_AIM OF THE EXERCISE_
From the records below, please repeat exactly the line that has "Lemma metric_triangle x", the line that has "Lemma global_slope_pinfty x", and every line between them, and nothing else.

_GIVEN RECORDS_
........

(* Let $(X,d)$ be a complete metric space and $f:X\to\mathbb{R}\cup\{+\infty\}$ a proper lower semicontinuous function with $\inf_Xf=0$. Then $f=\mathrm{lsc}(\mathcal{I}[f])$ on $X$, where \[\mathcal{I}[f](x):=\inf\Big\{\sum_{n=0}^\infty G[f](x_n)d(x_n,x_{n+1}):\{x_n\}_n\subset X,\ x_0=x,\ \lim_{n\to\infty}G[f](x_n)=0\Big\}.\]
   Context: Global slope: $G[f](x)=\sup_{y\neq x}\frac{(f(x)-f(y))_+}{d(x,y)}$ if $f(x)<+\infty$ and $G[f](x)=+\infty$ otherwise ($\alpha_+=\max\{\alpha,0\}$). For $g:X\to\mathbb{R}\cup\{+\infty\}$, its lower semicontinuous envelope is $\mathrm{lsc}(g)(x)=\liminf_{y\to x}g(y)$ (with $y=x$ allowed). Proper means not identically $+\infty$. *)

From HB Require Import structures.
From mathcomp Require Import all_boot all_order all_algebra.
From mathcomp Require Import all_classical all_reals all_analysis.
Set Implicit Arguments. Unset Strict Implicit. Unset Printing Implicit Defensive.
Import Order.TTheory GRing.Theory Num.Theory.
Local Open Scope classical_set_scope.
Local Open Scope ring_scope.

Definition is_metric (R : realType) (X : Type) (d : X -> X -> R) : Prop :=
  (forall x y, 0 <= d x y) /\
  (forall x y, d x y = 0 <-> x = y) /\
  (forall x y, d x y = d y x) /\
  (forall x y z, d x z <= d x y + d y z).

Definition complete_metric (R : realType) (X : Type) (d : X -> X -> R) : Prop :=
  forall u : nat -> X,
    (forall e : R, 0 < e -> exists N : nat, forall m n : nat,
        (N <= m)%N -> (N <= n)%N -> d (u m) (u n) < e) ->
    exists l : X, forall e : R, 0 < e -> exists N : nat, forall n : nat,
        (N <= n)%N -> d (u n) l < e.

Local Open Scope ereal_scope.

(* lsc(g)(x) = liminf_{y -> x} g(y) (y = x allowed)
            = sup_{r > 0} inf_{d(y,x) < r} g(y) *)
Definition lsc_env (R : realType) (X : Type) (d : X -> X -> R)
  (g : X -> \bar R) (x : X) : \bar R :=
  ereal_sup [set ereal_inf [set g y | y in [set y | (d y x < r)%R]]
            | r in [set r : R | (0 < r)%R]].

Definition lsc_fun (R : realType) (X : Type) (d : X -> X -> R)
  (g : X -> \bar R) : Prop :=
  forall x, g x <= lsc_env d g x.

(* Global slope G[f](x) = sup_{y <> x} (f x - f y)_+ / d(x,y) if f x < +oo,
   +oo otherwise.  (The max with 0 only matters when X is a singleton.) *)
Definition global_slope (R : realType) (X : Type) (d : X -> X -> R)
  (f : X -> \bar R) (x : X) : \bar R :=
  if f x == +oo then +oo
  else maxe 0 (ereal_sup [set maxe (f x - f y) 0 * ((d x y)^-1)%:E
                         | y in [set y | y <> x]]).

Definition I_fun (R : realType) (X : Type) (d : X -> X -> R)
  (f : X -> \bar R) (x : X) : \bar R :=
  ereal_inf [set \sum_(0 <= n <oo) (global_slope d f (xs n) * (d (xs n) (xs n.+1))%:E)
            | xs in [set xs : nat -> X | xs 0%N = x /\
                      (fun n => global_slope d f (xs n)) @ \oo --> (0 : \bar R)]].

From HB Require Import structures.
From mathcomp Require Import all_boot all_order all_algebra.
From mathcomp Require Import all_classical all_reals all_analysis.
From mathcomp Require Import ring lra.
Set Implicit Arguments. Unset Strict Implicit. Unset Printing Implicit Defensive.
Import Order.TTheory GRing.Theory Num.Theory.
Local Open Scope classical_set_scope.
Local Open Scope ereal_scope.

(* Along an admissible sequence the global slope gives
   f(x_k) <= f(x_(k+1)) + G(x_k) d(x_k, x_(k+1)) and f(x_N) <= f(z) + G(x_N) d(x_N, z),
   so f(x_0) <= sum_n G(x_n) d(x_n, x_(n+1)) + f(z) as soon as G(x_N) d(x_N, z) is small
   for infinitely many N.  It is: otherwise G(x_N) >= c / D_N with D_N = d(x_N, z), so
   D_N -> +oo because G(x_N) -> 0, and as D_(N+1) - D_N <= d(x_N, x_(N+1)) the weighted
   length dominates c (ln D_N - ln D_0).  Hence f <= I[f], so f <= lsc(I[f]) since f is
   lower semicontinuous.
   Conversely, near a point x with f(x) < +oo, Ekeland's variational principle applied
   with the constants lam q^n (0 < q < 1) produces a sequence y_n with
   G(y_n) <= lam q^n -> 0 and lam q^(n+1) d(y_n, y_(n+1)) <= f(y_n) - f(y_(n+1)); its
   weighted length telescopes to at most f(y_0) / q <= f(x) / q, and q -> 1. *)

Lemma dependent_choice_inv (T : Type) (Inv : nat -> T -> Prop)
    (P : nat -> T -> T -> Prop) (x0 : T) :
  Inv 0%N x0 -> (forall n x, Inv n x -> exists2 y, Inv n.+1 y & P n x y) ->
  exists u : nat -> T, u 0%N = x0 /\ forall n, Inv n (u n) /\ P n (u n) (u n.+1).
Proof.
move=> inv0 step.
have /choice[next nextP] : forall p : T * nat,
    exists y, Inv p.2 p.1 -> Inv p.2.+1 y /\ P p.2 p.1 y.
  move=> p; have [/step[y ? ?]|nInv] := pselect (Inv p.2 p.1); first by exists y.
  by exists p.1 => /nInv.
pose u := fix u n := if n is k.+1 then next (u k, k) else x0.
have invu n : Inv n (u n) by elim: n => // n /(nextP (u n, n))[].
by exists u; split => // n; split => //; exact: (nextP (u n, n) (invu n)).2.
Qed.

Local Open Scope ring_scope.

Lemma ln_diff_le_sum_rel_increments (R : realType) (D : nat -> R) n m :
  (n <= m)%N -> (forall k, (n <= k)%N -> 0 < D k) ->
  ln (D m) - ln (D n) <= \sum_(n <= k < m) (D k.+1 - D k) / D k.
Proof.
move=> + Dpos; elim: m => [|m IH].
  by rewrite leqn0 => /eqP->; rewrite subrr big_geq.
rewrite leq_eqVlt ltnS => /orP[/eqP<-|nm]; first by rewrite subrr big_geq.
have [Dm DSm] : 0 < D m /\ 0 < D m.+1 by split; apply: Dpos; rewrite // leqW.
rewrite big_nat_recr //= -(subrKA (ln (D m))) addrC lerD ?IH //.
rewrite -ln_div ?posrE // mulrBl divff ?gt_eqF //.
have := @le_ln1Dx _ (D m.+1 / D m - 1); rewrite [1 + _]addrC subrK; apply.
by rewrite ltrBrDl subrr divr_gt0.
Qed.

Lemma frequently_mul_le_of_bounded_sum (R : realType) (g D l : nat -> R) (B c : R) :
  (forall k, 0 <= g k) -> (forall k, 0 <= l k) -> g @ \oo --> 0 ->
  (forall k, D k.+1 <= D k + l k) ->
  (forall m, \sum_(0 <= k < m) g k * l k <= B) -> 0 < c ->
  forall N, exists2 k, (N <= k)%N & g k * D k <= c.
Proof.
move=> g0 l0 g_cvg Dl sumB c0 N.
have [//|small] := pselect (exists2 k, (N <= k)%N & g k * D k <= c).
have {}big k : (N <= k)%N -> c < g k * D k.
  by move=> Nk; rewrite ltNge; apply/negP => ?; apply: small; exists k.
have Dpos k : (N <= k)%N -> 0 < D k.
  move=> /big; apply: contraTlt => D0.
  by rewrite -leNgt (le_trans _ (ltW c0)) // mulr_ge0_le0.
have term k : (N <= k)%N -> c * ((D k.+1 - D k) / D k) <= g k * l k.
  move=> Nk; rewrite mulrA ler_pdivrMr ?Dpos // mulrAC.
  apply: le_trans (ler_wpM2l (ltW c0) (_ : D k.+1 - D k <= l k)) _.
    by rewrite lerBlDl.
  by rewrite ler_wpM2r // ltW ?big.
have lnB m : (N <= m)%N -> c * (ln (D m) - ln (D N)) <= B.
  move=> Nm; apply: le_trans
    (ler_wpM2l (ltW c0) (ln_diff_le_sum_rel_increments Nm Dpos)) _.
  rewrite mulr_sumr; apply: le_trans (sumB m).
  rewrite (big_cat_nat (leq0n N) Nm) /= -[X in X <= _]add0r lerD //.
    by apply: sumr_ge0 => k _; exact: mulr_ge0.
  by apply: ler_sum_nat => k /andP[Nk _]; exact: term.
pose M := expR (B / c + ln (D N)).
have M0 : 0 < M by exact: expR_gt0.
have [K _ gK] := (cvgrPdist_lt _ _).1 g_cvg (c / M) (divr_gt0 c0 M0).
pose k := maxn N K; have Nk : (N <= k)%N := leq_maxl N K.
have /gK : (K <= k)%N := leq_maxr N K.
rewrite /= sub0r normrN ger0_norm // => gk.
have MD : M < D k.
  rewrite ltNge; apply/negP => DM; have := ler_wpM2l (g0 k) DM.
  by rewrite leNgt => /negP; apply; apply: lt_trans (big k Nk); rewrite -ltr_pdivlMr.
have := lnB k Nk; rewrite leNgt -ltr_pdivrMl // mulrC ltrBrDr.
by rewrite -[X in X < _]expRK ltr_ln ?posrE ?Dpos // MD.
Qed.

Section Metric.
Variables (R : realType) (X : Type) (d : X -> X -> R).
Hypothesis dm : is_metric d.

Lemma metric_ge0 x y : 0 <= d x y. Proof. by case: dm. Qed.

Lemma metric_eq0 x y : d x y = 0 <-> x = y. Proof. by case: dm => _ []. Qed.

Lemma metric_sym x y : d x y = d y x. Proof. by case: dm => _ [_ []]. Qed.

Lemma metric_triangle x y z : d x z <= d x y + d y z.
Proof. by case: dm => _ [_ [_]]. Qed.

Lemma metric_xx x : d x x = 0. Proof. exact/metric_eq0. Qed.

Lemma metric_gt0 x y : x <> y -> 0 < d x y.
Proof. by move=> xy; rewrite lt_def metric_ge0 andbT; apply/eqP => /metric_eq0. Qed.

End Metric.

Local Open Scope ereal_scope.

Section GlobalSlope.
Variables (R : realType) (X : Type) (d : X -> X -> R) (f : X -> \bar R).

Lemma global_slope_ge0 x : 0 <= global_slope d f x.
Proof. by rewrite /global_slope; case: ifP => _; rewrite ?leey // le_max lexx. Qed.

Lemma global_slope_pinfty x : f x = +oo -> global_slope d f x = +oo.
Proof. by move=> fx; rewrite /global_slope fx eqxx. Qed.

Hypothesis dm : is_metric d.
Hypothesis fNy : forall x, f x != -oo.

Lemma le_add_global_slope x z : f x <= f z + global_slope d f x * (d x z)%:E.
Proof.
have [<-|xz] := pselect (x = z); first by rewrite metric_xx // mule0 adde0.
have dxz := metric_gt0 dm xz.
have [fx|fx] := eqVneq (f x) +oo.
  by rewrite global_slope_pinfty // gt0_mulye ?lte_fin // addey ?fNy ?leey.
have [fz|fz] := eqVneq (f z) +oo.
  have Gd : 0 <= global_slope d f x * (d x z)%:E.
    by rewrite mule_ge0 ?global_slope_ge0 // lee_fin ltW.
  by rewrite fz addye ?leey // gt_eqF // (lt_le_trans ltNy0 Gd).
rewrite -leeBlDl ?fin_numE ?fNy //.
apply: le_trans (_ : maxe (f x - f z) 0 <= _); first by rewrite le_max lexx.
rewrite -lee_pdivrMr // /global_slope (negbTE fx) le_max; apply/orP; right.
by apply: ereal_sup_ubound; exists z => //; exact: nesym.
Qed.

Lemma global_slope_le x (lam : R) : f x != +oo -> (0 <= lam)%R ->
  (forall z, f x <= f z + (lam * d x z)%:E) -> global_slope d f x <= lam%:E.
Proof.
move=> fx lam0 lam_min; rewrite /global_slope (negbTE fx) ge_max lee_fin lam0 /=.
apply: ge_ereal_sup => _ [z /nesym xz <-].
have dxz := metric_gt0 dm xz.
rewrite lee_pdivrMr // ge_max -EFinM lee_fin mulr_ge0 ?metric_ge0 // andbT.
have [->|fz] := eqVneq (f z) +oo; first by rewrite addeNy ?leNye.
by rewrite leeBlDl ?fin_numE ?fNy.
Qed.

Definition slope_step (xs : nat -> X) (n : nat) : \bar R :=
  global_slope d f (xs n) * (d (xs n) (xs n.+1))%:E.

Lemma slope_step_ge0 xs n : 0 <= slope_step xs n.
Proof. by rewrite mule_ge0 ?global_slope_ge0 // lee_fin metric_ge0. Qed.

Lemma le_slope_partial_sum xs N :
  f (xs 0%N) <= \sum_(0 <= k < N) slope_step xs k + f (xs N).
Proof.
elim: N => [|N IH]; first by rewrite big_geq // add0e.
apply: le_trans IH _; rewrite big_nat_recr //= -addeA leeD2l //.
by rewrite addeC le_add_global_slope.
Qed.

Lemma le_slope_series xs z :
  (fun n => global_slope d f (xs n)) @ \oo --> 0 ->
  f (xs 0%N) <= \sum_(0 <= n <oo) slope_step xs n + f z.
Proof.
move=> G_cvg; set S := \sum_(0 <= n <oo) _.
have S_ge N : \sum_(0 <= k < N) slope_step xs k <= S.
  exact: nneseries_lim_ge (fun n _ _ => slope_step_ge0 xs n).
have S0 : 0 <= S by apply: nneseries_ge0 => n _ _; exact: slope_step_ge0.
have [->|fz] := eqVneq (f z) +oo.
  by rewrite addey ?leey // gt_eqF // (lt_le_trans ltNy0 S0).
have [->|Sy] := eqVneq S +oo; first by rewrite addye ?fNy ?leey.
have [s Ss] : exists s, S = s%:E by exists (fine S); rewrite fineK // ge0_fin_numE // ltey.
apply/lee_addgt0Pr => e e0.
have [[N0 _ Gfin] /= Gcvg] := (fine_cvgP _ _).1 G_cvg.
have weighted_sum_le m :
    (\sum_(0 <= k < m) fine (global_slope d f (xs k)) * d (xs k) (xs k.+1) <= s)%R.
  rewrite -lee_fin -Ss -sumEFin; apply: le_trans (S_ge m); apply: lee_sum => k _.
  rewrite EFinM /slope_step; apply: lee_wpmul2r; first by rewrite lee_fin metric_ge0.
  by have := global_slope_ge0 (xs k); case: global_slope.
have dist_step k : (d (xs k.+1) z <= d (xs k) z + d (xs k) (xs k.+1))%R.
  by rewrite addrC [d (xs k) _]metric_sym // metric_triangle.
have [k N0k small] := frequently_mul_le_of_bounded_sum
  (fun k => fine_ge0 (global_slope_ge0 (xs k))) (fun k => metric_ge0 dm _ _) Gcvg
  dist_step weighted_sum_le e0 N0.
apply: le_trans (le_slope_partial_sum xs k) _.
rewrite -addeA; apply: leeD; first exact: S_ge.
apply: le_trans (le_add_global_slope _ z) _; apply: leeD2l.
by rewrite -(fineK (Gfin k N0k)) -EFinM lee_fin.
Qed.

Lemma le_I_fun x : ereal_inf (range f) = 0 -> f x <= I_fun d f x.
Proof.
move=> inf0; apply: le_ereal_inf_tmp => _ [xs [<- G_cvg] <-].
apply/lee_addgt0Pr => e e0; have : ereal_inf (range f) < e%:E by rewrite inf0 lte_fin.
case/ereal_inf_lt => _ [z _ <-] fz.
exact: le_trans (le_slope_series z G_cvg) (leeD2l _ (ltW fz)).
Qed.

End GlobalSlope.

Section Ekeland.
Variables (R : realType) (X : Type) (d : X -> X -> R) (f : X -> \bar R) (lam : R).
Hypotheses (dm : is_metric d) (f_ge0 : forall x, 0 <= f x) (lam_gt0 : (0 < lam)%R).

Definition ekeland_set (u : X) : set X := [set z | f z + (lam * d u z)%:E <= f u].

Lemma ekeland_set_refl u : ekeland_set u u.
Proof. by rewrite /ekeland_set /= metric_xx // mulr0 adde0. Qed.

Lemma ekeland_set_le u z : ekeland_set u z -> f z <= f u.
Proof.
by apply: le_trans; rewrite leeDl // lee_fin mulr_ge0 ?metric_ge0 // ltW.
Qed.

Lemma ekeland_set_trans u v z :
  ekeland_set u v -> ekeland_set v z -> ekeland_set u z.
Proof.
rewrite /ekeland_set /= => uv vz; apply: le_trans uv.
apply: le_trans (leeD2r _ vz); rewrite -addeA -EFinD leeD2l // lee_fin -mulrDr.
by rewrite ler_pM2l // addrC metric_triangle.
Qed.

Lemma ekeland_set_near_inf u (e : R) : f u != +oo -> (0 < e)%R ->
  exists2 v, ekeland_set u v & forall z, ekeland_set u z -> f v <= f z + e%:E.
Proof.
move=> fu e0; pose m := ereal_inf [set f z | z in ekeland_set u].
have mu : m <= f u by apply: ereal_inf_lbound; exists u => //; exact: ekeland_set_refl.
have m_fin : m \is a fin_num.
  rewrite ge0_fin_numE ?(le_lt_trans mu) ?ltey //.
  by apply: le_ereal_inf_tmp => _ [z _ <-].
have : m < m + e%:E by rewrite lteDl // lte_fin.
case/ereal_inf_lt => _ [v uv <-] fv; exists v => // z uz.
by apply: le_trans (ltW fv) _; rewrite leeD2r //; apply: ereal_inf_lbound; exists z.
Qed.

Lemma ekeland_set_diam u v z (e : R) : f v != +oo ->
  (forall w, ekeland_set u w -> f v <= f w + e%:E) ->
  ekeland_set u v -> ekeland_set v z -> (lam * d v z <= e)%R.
Proof.
move=> fv v_min uv vz; have fz : f z \is a fin_num.
  by rewrite ge0_fin_numE // (le_lt_trans (ekeland_set_le vz)) ?ltey.
have /v_min fv_le := ekeland_set_trans uv vz.
by rewrite -lee_fin -(leeD2lE _ _ fz) (le_trans vz).
Qed.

........

_ANSWER SECTION_
Lemma metric_triangle x y z : d x z <= d x y + d y z.
Proof. by case: dm => _ [_ [_]]. Qed.

Lemma metric_xx x : d x x = 0. Proof. exact/metric_eq0. Qed.

Lemma metric_gt0 x y : x <> y -> 0 < d x y.
Proof. by move=> xy; rewrite lt_def metric_ge0 andbT; apply/eqP => /metric_eq0. Qed.

End Metric.

Local Open Scope ereal_scope.

Section GlobalSlope.
Variables (R : realType) (X : Type) (d : X -> X -> R) (f : X -> \bar R).

Lemma global_slope_ge0 x : 0 <= global_slope d f x.
Proof. by rewrite /global_slope; case: ifP => _; rewrite ?leey // le_max lexx. Qed.

Lemma global_slope_pinfty x : f x = +oo -> global_slope d f x = +oo.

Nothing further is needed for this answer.